Taking part in Dry January will help people to reset their relationship with alcohol, according to charity Alcohol Concern.
A month without alcohol will help people to feel healthier and happier, and will help them realise they don’t need it, it added.
People have reported losing weight, and feeling better about life after the end of the month.
It could also save people money, as the average person in the UK spends about £50,000 on booze in their lifetime, the charity said.
“Dry January is popular partly because it feels like a detox: an opportunity to clean up after weeks of excess,” said Alcohol Concern’s Policy and Research Director, Dr James Nicholls.
“Often what people are really doing in Dry January is resetting their relationship with drink.
“It’s partly about seeing how it feels to go without alcohol for an extended period, and plenty of people report better sleep, weight loss and better mood – not mention the money saved.”

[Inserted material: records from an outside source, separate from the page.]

Lemma sumR_bool_lists_S n (f : list bool -> R) :
  sumR f (bool_lists (S n)) = sumR (fun d => f (true :: d)) (bool_lists n)
                              + sumR (fun d => f (false :: d)) (bool_lists n).
Proof. simpl. rewrite sumR_app, !sumR_map. reflexivity. Qed.

(** * Pinned partition functions *)

Section Pinned.
Variable K : nat -> R.

(* [Zpin u g k n] is the renewal sum over the sites k+1, ..., k+n with fields
   [u], pinned at k+n, given that the last renewal before k+1 is at k - g. *)
Fixpoint Zpin (u : nat -> R) (g k n : nat) : R :=
  match n with
  | O => match g with O => 1 | S _ => 0 end
  | S n' => K (S g) * exp (u (S k)) * Zpin u O (S k) n' + Zpin u (S g) (S k) n'
  end.

Fixpoint ends_pinned (g : nat) (d : list bool) : R :=
  match d with
  | nil => match g with O => 1 | S _ => 0 end
  | b :: d' => ends_pinned (if b then O else S g) d'
  end.

Lemma sumR_Zpin n : forall u g k,
  sumR (fun d => cfg_weight K g d
                 * exp (sumR (fun i => u (k + i)%nat * delta d i) (seq 1 n))
                 * ends_pinned g d)
       (bool_lists n) = Zpin u g k n.
Proof.
  induction n; intros u g k.
  - simpl. rewrite exp_0. destruct g; lra.
  - assert (Hshift : forall b d,
      sumR (fun i => u (k + S i)%nat * delta (b :: d) (S i)) (seq 1 n)
      = sumR (fun i => u (S (k + i)) * delta d i) (seq 1 n)).
    { intros b d. apply sumR_ext_in; intros i Hi. apply in_seq in Hi.
      rewrite Nat.add_succ_r. destruct i; [lia | reflexivity]. }
    rewrite sumR_bool_lists_S. simpl Zpin.
    rewrite <- (IHn u O (S k)), <- (IHn u (S g) (S k)), <- sumR_scal.
    f_equal; apply sumR_ext; intros d; simpl; rewrite sumR_seq_shift, exp_plus, Hshift.
    + rewrite Nat.add_1_r, Rmult_1_r. ring.
    + rewrite Rmult_0_r, exp_0. ring.
Qed.

Lemma ends_pinned_delta d g : d <> nil -> ends_pinned g d = delta d (length d).
Proof.
  revert g; induction d as [|b d IH]; intros g H; [congruence|].
  destruct d as [|b' d'].
  - destruct b; reflexivity.
  - change (ends_pinned g (b :: b' :: d'))
      with (ends_pinned (if b then O else S g) (b' :: d')).
    rewrite IH by discriminate. reflexivity.
Qed.

Lemma renewal_E_dN_Zpin N u :
  renewal_E_dN K N (fun dl => exp (sumR (fun n => u n * dl n) (seq 1 N))) = Zpin u O O N.
Proof.
  rewrite <- sumR_Zpin. apply sumR_ext_in; intros d Hd. f_equal. destruct N.
  - destruct Hd as [<-|[]]. reflexivity.
  - apply bool_lists_length in Hd. rewrite ends_pinned_delta, Hd; [reflexivity|].
    intros ->; discriminate.
Qed.

Lemma Zpf_Zpin beta h omega N :
  Zpf K beta h omega N = Zpin (fun n => beta * omega n + h) O O N.
Proof. apply renewal_E_dN_Zpin. Qed.

Lemma Zhom_Zpin x N : Zhom K x N = Zpin (fun _ => x) O O N.
Proof.
  unfold Zhom. rewrite <- renewal_E_dN_Zpin. apply sumR_ext; intro d.
  rewrite sumR_scal. reflexivity.
Qed.
End Pinned.
Lemma exp_le_mono a b : a <= b -> exp a <= exp b.
Proof. intros [H | ->]; [left; apply exp_increasing | ]; lra. Qed.

Lemma ln_le_mono a b : 0 < a -> a <= b -> ln a <= ln b.
Proof. intros Ha [H | ->]; [left; apply ln_increasing | ]; lra. Qed.

Lemma Zpin_ext K n : forall u v g k k',
  (forall i, (1 <= i <= n)%nat -> u (k + i)%nat = v (k' + i)%nat) ->
  Zpin K u g k n = Zpin K v g k' n.
Proof.
  induction n; intros u v g k k' H; simpl; [reflexivity|].
  assert (H' : forall i, (1 <= i <= n)%nat -> u (S k + i)%nat = v (S k' + i)%nat).
  { intros i Hi. rewrite !Nat.add_succ_comm. apply H; lia. }
  rewrite (IHn u v 0%nat (S k) (S k') H'), (IHn u v (S g) (S k) (S k') H').
  specialize (H 1%nat ltac:(lia)). rewrite !Nat.add_1_r in H. rewrite H. reflexivity.
Qed.

Section PinnedBounds.
Variable K : nat -> R.
Hypothesis K_ge0 : forall n, 0 <= K n.
Hypothesis K_le1 : forall n, K n <= 1.
Hypothesis K1_gt0 : 0 < K 1.

Let Kexp_ge0 g x : 0 <= K g * exp x.
Proof. apply Rmult_le_pos; [auto | left; apply exp_pos]. Qed.

Lemma Zpin_ge0 n : forall u g k, 0 <= Zpin K u g k n.
Proof.
  induction n; intros; simpl; [destruct g; lra|].
  apply Rplus_le_le_0_compat; [apply Rmult_le_pos|]; auto.
Qed.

By November, more than three million people in the UK were already expecting to take January off alcohol, Nicholls added.
The campaign isn’t a ‘magic bullet’ – it won’t magically fix everything in your body if you’re drinking too much for the remaining 11 months, the charity said.
Similarly, Dry January isn’t a moral crusade, it claimed. It won’t make you a better person, and it’s not about looking down on others who aren’t taking part. It’s about reflecting on your own choices, said Alcohol Concern.
Some people find a month without alcohol difficult, while others find it to be a revelation, Nicholls added.
“Over the years, I have often stopped drinking in January – with varying degrees of success,” he said.
“Once I lasted through until mid-February; in other years, I’ve caved in within days.
“Like millions of people, though, I’m planning to do it again this year.”